Collected data:
****************************************

(* Let $F$ be a countable subfield of $\mathbb{R}$, let $\mathcal R=\langle R,<,+,-,\times\rangle$ be an ordered real closed field containing $F$ as a subfield with the order of $\mathcal R$ agreeing with that of $F$, and let $h$ be an $F$-bijection of $\mathcal R$. Then the structure $h^{-1}[\mathcal R]$ is a model of $T[F]^*$.
   Context: An $F$-bijection of $\mathcal R$ is a map $h:R\to R$ that is an order-preserving bijection with $h(0)=0$, $h(1)=1$ and $h(ax)=ah(x)$ for all $x\in R$, $a\in F$. $h^{-1}[\mathcal R]$ is the structure with domain $R$ in which $0,1,+,<$ are interpreted as in $\mathcal R$, each $c_a$ ($a\in F$) is interpreted as $a$, and $\times$ is interpreted as $x\otimes y=h^{-1}(h(x)h(y))$. $T[F]^*$ is the theory in the language $\{0,1,+,\times,<\}\cup\{c_a:a\in F\}$ with axioms: (1) $0,+,<$ form an ordered abelian group; (2) the positive elements form a divisible ordered abelian group under $\times$ with identity $1$ and order $<$; (3a) $c_{a+b}=c_a+c_b$, (3b) $c_{ab}=c_a\times c_b$, (3c) $0<c_a$ for $a>0$; (4a) $c_{a+b}\times x=(c_a\times x)+(c_b\times x)$, (4b) $c_a\times(x+y)=(c_a\times x)+(c_a\times y)$, for all $a,b\in F$ and all $x,y$. *)

(* R is an rcfType (ordered real closed field); the ambient
   real line containing F is an abstract realType Re (unique up to iso). *)
From HB Require Import structures.
From mathcomp Require Import all_boot all_order all_algebra.
From mathcomp Require Import reals.
Set Implicit Arguments. Unset Strict Implicit. Unset Printing Implicit Defensive.
Import Order.TTheory GRing.Theory Num.Theory.
Local Open Scope ring_scope.

Definition is_subfield (Re : realType) (F : {pred Re}) : Prop :=
  [/\ 0 \in F, 1 \in F,
      {in F &, forall a b, a - b \in F},
      {in F &, forall a b, a * b \in F} &
      {in F, forall a, a^-1 \in F}].

Definition countable_pred (T : Type) (F : {pred T}) : Prop :=
  exists f : T -> nat, {in F &, injective f}.

Definition order_field_embedding (Re : realType) (R : rcfType)
    (F : {pred Re}) (iota : Re -> R) : Prop :=
  [/\ iota 1 = 1,
      {in F &, forall a b, iota (a + b) = iota a + iota b},
      {in F &, forall a b, iota (a * b) = iota a * iota b} &
      {in F &, forall a b, (a < b) = (iota a < iota b)}].

Definition F_bijection (Re : realType) (R : rcfType)
    (F : {pred Re}) (iota : Re -> R) (h : R -> R) : Prop :=
  [/\ bijective h, {homo h : x y / x < y}, h 0 = 0, h 1 = 1 &
      forall a x, a \in F -> h (iota a * x) = iota a * h x].

Fixpoint mpow (T : Type) (mul : T -> T -> T) (x : T) (n : nat) : T :=
  match n with
  | 0 => x
  | n'.+1 => mul (mpow mul x n') x
  end.
(* mpow mul x n = x^(n+1) *)

Definition models_TFstar (Re : realType) (F : {pred Re}) (T : Type)
    (zero one : T) (add mul : T -> T -> T) (lt : T -> T -> Prop) (c : Re -> T)
    : Prop :=
  ((forall x y z, add x (add y z) = add (add x y) z) /\
      (forall x y, add x y = add y x) /\
      (forall x, add zero x = x) /\
      (forall x, exists y, add x y = zero) /\
      (forall x, ~ lt x x) /\
      (forall x y z, lt x y -> lt y z -> lt x z) /\
      (forall x y, lt x y \/ x = y \/ lt y x) /\
      (forall x y z, lt x y -> lt (add x z) (add y z)))
  /\
  ((forall x y, lt zero x -> lt zero y -> lt zero (mul x y)) /\
      (forall x y z, lt zero x -> lt zero y -> lt zero z ->
          mul x (mul y z) = mul (mul x y) z) /\
      (forall x y, lt zero x -> lt zero y -> mul x y = mul y x) /\
      lt zero one /\
      (forall x, lt zero x -> mul one x = x) /\
      (forall x, lt zero x -> exists y, lt zero y /\ mul x y = one) /\
      (forall x y z, lt zero x -> lt zero y -> lt zero z -> lt x y ->
          lt (mul x z) (mul y z)) /\
      (forall x (n : nat), lt zero x ->
          exists y, lt zero y /\ mpow mul y n = x))
  /\
  ((forall a b, a \in F -> b \in F -> c (a + b) = add (c a) (c b)) /\
      (forall a b, a \in F -> b \in F -> c (a * b) = mul (c a) (c b)) /\
      (forall a, a \in F -> 0 < a -> lt zero (c a)))
  /\
  ((forall a b x, a \in F -> b \in F ->
          mul (c (a + b)) x = add (mul (c a) x) (mul (c b) x)) /\
      (forall a x y, a \in F -> mul (c a) (add x y) = add (mul (c a) x) (mul (c a) y))).

(* Transporting multiplication along h turns h into an isomorphism between
   the new structure and R for the multiplicative part, while addition and
   order are left untouched.  The axioms involving only + and < therefore hold
   in R itself, and those involving only the product are transported from R
   through h; divisibility of the positive cone is the existence of n-th roots
   in a real closed field.  Finally h fixes every constant c_a, so that
   c_a (x) y = h^-1 (a h y) = a y, which makes the mixed axioms (4a), (4b)
   ordinary distributivity in R. *)
From HB Require Import structures.
From mathcomp Require Import all_boot all_order all_algebra.
From mathcomp Require Import reals.
Set Implicit Arguments. Unset Strict Implicit. Unset Printing Implicit Defensive.
Import Order.TTheory GRing.Theory Num.Theory.
Local Open Scope ring_scope.

Lemma rcf_exists_root_gt0 (R : rcfType) (x : R) (n : nat) : 0 < x ->
  exists2 y : R, 0 < y & y ^+ n.+1 = x.
Proof.
move=> x_gt0; have x1_ge0 : 0 <= 1 + x by rewrite addr_ge0 // ltW.
have sign_change : ('X ^+ n.+1 - x%:P).[0] <= 0 <= ('X ^+ n.+1 - x%:P).[1 + x].
  rewrite !hornerE expr0n /= sub0r oppr_le0 (ltW x_gt0) subr_ge0.
  apply: le_trans (_ : 1 + x <= _); first by rewrite lerDr.
  by rewrite -[leLHS]expr1 ler_eXn2l // ltrDl.
have [y /andP[y_ge0 _]] := poly_ivt x1_ge0 sign_change.
rewrite rootE !hornerE subr_eq0 => /eqP yn_x.
exists y => //; rewrite lt_def y_ge0 andbT.
by apply: contraTneq x_gt0 => y0; rewrite -yn_x y0 expr0n ltxx.
Qed.

Section PullbackMul.

Variables (R : realFieldType) (h hinv : R -> R).
Hypotheses (hK : cancel h hinv) (hinvK : cancel hinv h).
Hypotheses (h_lt : {homo h : x y / x < y}) (h0 : h 0 = 0) (h1 : h 1 = 1).

Definition pullback_mul (x y : R) : R := hinv (h x * h y).

Lemma h_mono : {mono h : x y / x < y}.
Proof. exact: leW_mono (le_mono h_lt). Qed.

Lemma hinv_mono : {mono hinv : x y / x < y}.
Proof. by move=> x y; rewrite -h_mono !hinvK. Qed.

Lemma h_gt0 x : (0 < h x) = (0 < x).
Proof. by rewrite -{1}h0 h_mono. Qed.

Lemma hinv_gt0 x : (0 < hinv x) = (0 < x).
Proof. by rewrite -h_gt0 hinvK. Qed.

Lemma pullback_mul_gt0 x y : 0 < x -> 0 < y -> 0 < pullback_mul x y.
Proof. by move=> x_gt0 y_gt0; rewrite hinv_gt0 mulr_gt0 ?h_gt0. Qed.

Lemma pullback_mulA x y z :
  pullback_mul x (pullback_mul y z) = pullback_mul (pullback_mul x y) z.
Proof. by rewrite /pullback_mul !hinvK mulrA. Qed.

Lemma pullback_mulC x y : pullback_mul x y = pullback_mul y x.
Proof. by rewrite /pullback_mul mulrC. Qed.

Lemma pullback_mul1 x : pullback_mul 1 x = x.
Proof. by rewrite /pullback_mul h1 mul1r hK. Qed.

Lemma pullback_mul_inv x : 0 < x ->
  exists y, 0 < y /\ pullback_mul x y = 1.
Proof.
move=> x_gt0; exists (hinv (h x)^-1).
rewrite hinv_gt0 invr_gt0 h_gt0 /pullback_mul hinvK mulfV ?gt_eqF ?h_gt0 //.
by rewrite -h1 hK.
Qed.

Lemma pullback_mul_ltr2r x y z : 0 < z -> x < y ->
  pullback_mul x z < pullback_mul y z.
Proof. by move=> z_gt0 xy; rewrite hinv_mono ltr_pM2r ?h_gt0 ?h_mono. Qed.

Lemma mpow_pullback_mul y n : mpow pullback_mul (hinv y) n = hinv (y ^+ n.+1).
Proof.
elim: n => [|n IHn] /=; first by rewrite expr1.
by rewrite IHn /pullback_mul !hinvK -exprSr.
Qed.

End PullbackMul.

Lemma pullback_mul_root (R : rcfType) (h hinv : R -> R) (x : R) (n : nat) :
  cancel h hinv -> cancel hinv h -> {homo h : u v / u < v} -> h 0 = 0 -> 0 < x ->
  exists y, 0 < y /\ mpow (pullback_mul h hinv) y n = x.
Proof.
move=> hK hinvK h_lt h0 x_gt0.
have hx_gt0 : 0 < h x by rewrite (h_gt0 h_lt h0).
have [y y_gt0 yn_hx] := rcf_exists_root_gt0 n hx_gt0.
exists (hinv y); rewrite (hinv_gt0 hinvK h_lt h0); split=> //.
by rewrite mpow_pullback_mul // yn_hx hK.
Qed.

Section Embedding.

Variables (Re : realType) (F : {pred Re}) (R : rcfType) (iota : Re -> R).
Hypothesis F_subfield : is_subfield F.
Hypothesis iota_emb : order_field_embedding F iota.

Lemma subfield_addr_closed : {in F &, forall a b, a + b \in F}.
Proof.
have [F0 _ FB _ _] := F_subfield; move=> a b Fa Fb.
by have := FB a (0 - b) Fa (FB 0 b F0 Fb); rewrite sub0r opprK.
Qed.

Lemma iota0 : iota 0 = 0.
Proof.
have [F0 _ _ _ _] := F_subfield; have [_ iotaD _ _] := iota_emb.
by apply: (addrI (iota 0)); rewrite -iotaD // !addr0.
Qed.

Lemma iota_gt0 a : a \in F -> 0 < a -> 0 < iota a.
Proof.
have [F0 _ _ _ _] := F_subfield; have [_ _ _ iota_lt] := iota_emb.
by move=> Fa; rewrite -iota0 -iota_lt.
Qed.

Variables (h hinv : R -> R).
Hypotheses (h_F : F_bijection F iota h) (hK : cancel h hinv).

Lemma F_bijection_iota a : a \in F -> h (iota a) = iota a.
Proof. by have [_ _ _ h1 hF] := h_F => Fa; rewrite -[iota a]mulr1 hF // h1. Qed.

Lemma pullback_mul_iotal a x : a \in F -> pullback_mul h hinv (iota a) x = iota a * x.
Proof.
have [_ _ _ _ hF] := h_F => Fa.
by rewrite /pullback_mul F_bijection_iota // -hF // hK.
Qed.

End Embedding.

Theorem theorem9p2 (Re : realType) (F : {pred Re}) (R : rcfType)
    (iota : Re -> R) (h hinv : R -> R) :
  is_subfield F -> countable_pred F ->
  order_field_embedding F iota ->
  F_bijection F iota h ->
  cancel h hinv -> cancel hinv h ->
  models_TFstar F 0 1 +%R (fun x y => hinv (h x * h y))
    (fun x y => x < y) iota.
Proof.
move=> F_sub _ iota_emb h_F hK hinvK.
change (models_TFstar F 0 1 +%R (pullback_mul h hinv) (fun x y => x < y) iota).
have [_ h_lt h0 h1 _] := h_F; have [_ iotaD iotaM _] := iota_emb.
have FD := subfield_addr_closed F_sub.
have iotaC := pullback_mul_iotal h_F hK.
repeat apply: conj.
- exact: addrA.
- exact: addrC.
- exact: add0r.
- by move=> x; exists (- x); rewrite subrr.
- by move=> x; rewrite ltxx.
- by move=> x y z; apply: lt_trans.
- by move=> x y; case: ltgtP; auto.
- by move=> x y z; rewrite ltrD2r.
- exact: (pullback_mul_gt0 hinvK h_lt h0).
- by move=> x y z _ _ _; exact: (pullback_mulA hinvK).
- by move=> x y _ _; exact: (pullback_mulC h hinv).
- exact: ltr01.
- by move=> x _; exact: (pullback_mul1 hK h1).
- exact: (pullback_mul_inv hK hinvK h_lt h0 h1).
- by move=> x y z _ _; exact: (pullback_mul_ltr2r hinvK h_lt h0).
- by move=> x n; exact: (pullback_mul_root n hK hinvK h_lt h0).
- by move=> a b Fa Fb; rewrite iotaD.
- by move=> a b Fa Fb; rewrite iotaC // iotaM.
- exact: (iota_gt0 F_sub iota_emb).
- by move=> a b x Fa Fb; rewrite !iotaC ?FD // iotaD // mulrDl.
- by move=> a x y Fa; rewrite !iotaC // mulrDr.
Qed.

****************************************

Instructions for the task — Check each line above for the string "times" and copy those that have it.

Solution —
(* Let $F$ be a countable subfield of $\mathbb{R}$, let $\mathcal R=\langle R,<,+,-,\times\rangle$ be an ordered real closed field containing $F$ as a subfield with the order of $\mathcal R$ agreeing with that of $F$, and let $h$ be an $F$-bijection of $\mathcal R$. Then the structure $h^{-1}[\mathcal R]$ is a model of $T[F]^*$.
   Context: An $F$-bijection of $\mathcal R$ is a map $h:R\to R$ that is an order-preserving bijection with $h(0)=0$, $h(1)=1$ and $h(ax)=ah(x)$ for all $x\in R$, $a\in F$. $h^{-1}[\mathcal R]$ is the structure with domain $R$ in which $0,1,+,<$ are interpreted as in $\mathcal R$, each $c_a$ ($a\in F$) is interpreted as $a$, and $\times$ is interpreted as $x\otimes y=h^{-1}(h(x)h(y))$. $T[F]^*$ is the theory in the language $\{0,1,+,\times,<\}\cup\{c_a:a\in F\}$ with axioms: (1) $0,+,<$ form an ordered abelian group; (2) the positive elements form a divisible ordered abelian group under $\times$ with identity $1$ and order $<$; (3a) $c_{a+b}=c_a+c_b$, (3b) $c_{ab}=c_a\times c_b$, (3c) $0<c_a$ for $a>0$; (4a) $c_{a+b}\times x=(c_a\times x)+(c_b\times x)$, (4b) $c_a\times(x+y)=(c_a\times x)+(c_a\times y)$, for all $a,b\in F$ and all $x,y$. *)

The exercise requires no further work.